Written by Natalie Anastasiou
Published date 12 October 2018

Continuing our interview series with alumni, we talk to Amy Robson, MA Fine Art 2018 graduate, whose work was recently in the 2018 MA Summer Show.

Amy tells us how her practice has developed during her time at Chelsea and what she’s currently working on:

As an American artist who has lived in the UK for over twenty years, I use my dual outsider’s perspective to explore loss, disillusionment and the collective anxiety which is pervasive in both countries. Though America featured as an undercurrent in my earlier work, it has become a more overt influence since I’ve been at Chelsea. My work has evolved from being focused on process and technique to becoming focused on content. Subsequently, the work is grounded in the experience of not-knowing and precariousness.

A painting of a man and small girl by a pool with a city in the distance.
Image: P Town

Tooth dreams, or dreams where your teeth decay and fall out, are used as a jumping-off point for my most recent series of work which is a personal response to the issue of post-Trump/Brexit collective anxiety. I have produced a series of oil paintings and iPad animations for the degree show. The work investigates the abject via disjointed pictorial space, anthropomorphism and via short deliberately awkward frame-based animation.

Three paintings: first of a dog growling, the second of a sink and the third of blue tiles
Images: Degree Show ‘Tooth Dreams’ triptych

In addition to history, politics and psychology, my specific influences include Dana Schutz’s mashed-up oil paintings, Patti Smith’s book ‘M Train’, Wes Anderson’s wonky-but-sublime film ‘Fantastic Mr. Fox’, and the music of the Beastie Boys and Talking Heads.

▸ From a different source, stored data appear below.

(* v, u and W play v_0, v_1 and {v_(n-3), v_(n-2), v_(n-1)}; n - 5 further neighbours
   of v play v_2, ..., v_(n-4). *)
Lemma T3_copy p n (e : rel 'I_p) (v u : 'I_p) (W : {set 'I_p}) :
  4 < n -> simple_graph e -> e v u -> W \subset nbhd e u :\ v -> #|W| = 3 ->
  n - 4 <= #|nbhd e v :\: W| -> contains_copy (T3 n) e.
Proof.
move=> n_gt4 [esym eirr] evu /subsetP Wu W3 Wv.
have uW : u \notin W by apply/negP => /Wu; rewrite !inE eirr andbF.
have /card_geqP[s [s_uniq s_size sv]] : n - 5 <= #|(nbhd e v :\: W) :\ u|.
  by move: Wv; rewrite (cardsD1 u) !inE uW evu /=; set k := #|_|; lia.
have s_nbhd x : x \in s -> [/\ e v x, x \notin W & x != u].
  by move/sv; rewrite !inE => /and3P[-> -> ->].
pose ws := enum W; pose vs := v :: (u :: s) ++ ws.
have ws_nbhd w : w \in ws -> e u w /\ w != v.
  by rewrite mem_enum => /Wu; rewrite !inE => /andP[].
have vs_size : size vs = n by rewrite /= size_cat /= s_size -cardE W3; lia.
have vs_uniq : uniq vs.
  have vu : v != u by apply: contraTneq evu => ->; rewrite eirr.
  have vs' : v \notin s by apply/negP => /s_nbhd[]; rewrite eirr.
  have vws : v \notin ws by rewrite mem_enum; apply/negP => /Wu; rewrite !inE eqxx.
  have us : u \notin s by apply/negP => /s_nbhd[_ _]; rewrite eqxx.
  have uws : u \notin ws by rewrite mem_enum.
  have wss : ~~ has (mem s) ws.
    by apply/hasPn => w; rewrite mem_enum => wW; apply/negP => /s_nbhd[_]; rewrite wW.
  by rewrite /= cat_uniq /= enum_uniq s_uniq wss !inE !mem_cat !negb_or vu vs' vws us uws.
pose f (i : 'I_n) := nth v vs i.
have vs_root j : 1 <= j <= n - 4 -> e v (nth v vs j).
  case: j => [//|j] /andP[_ j_le] /=; rewrite -cat_cons nth_cat.
  rewrite ifT; last by rewrite /= s_size; lia.
  have j_lt : j < size (u :: s) by rewrite /= s_size; lia.
  by have /[!inE] /orP[/eqP->|/s_nbhd[]] // := mem_nth v j_lt.
have vs_hub j : n - 3 <= j <= n - 1 -> e u (nth v vs j).
  case: j => [|j] /= /andP[j_ge j_le]; first by lia.
  rewrite -cat_cons nth_cat ifF; last by rewrite /= s_size; lia.
  have j_lt : j - size (u :: s) < size ws by rewrite /= s_size -cardE W3; lia.
  by have /ws_nbhd[] := mem_nth v j_lt.
have T3_half_edge i j : T3_half i j -> e (f i) (f j).
  by case/orP=> /andP[/eqP i_val j_range]; rewrite /f i_val /=; [apply: vs_root | apply: vs_hub].
exists f; split.
  by move=> i j /eqP; rewrite nth_uniq ?vs_size // => /eqP/val_inj.
by move=> i j /orP[/T3_half_edge|/T3_half_edge]; rewrite // esym.
Qed.

Section ExtremalT3.
Variables (p n : nat) (e : rel 'I_p).
Hypotheses (n_ge10 : 10 <= n) (n_le_p : n <= p) (eEx : in_Ex (T3 n) e).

At Chelsea I have learned the most from my friends and colleagues on the MA Fine Art course, particularly via Babak Ghazi’s Socratic-style group tutorials. Though my studio space is at home, these interactions have informed my practice significantly by bringing the viewer experience from the background to the foreground. Practice analyses and group crits have been invaluable in raising the question ‘Why should anyone care about this work?’

A painting of a string ray with its mouth open
Image: Skate

The best thing about studying art in London is the international nature of the city and of the MA Fine Art course at Chelsea. Not only are the students from many different countries, but the speakers, seminars and residencies are global in their outlook. This outlook is particularly important set against the current backdrop of increasing socioeconomic and political polarisation – and increased nationalism. As artists in London from all over the world we are particularly well-positioned to engage with each other.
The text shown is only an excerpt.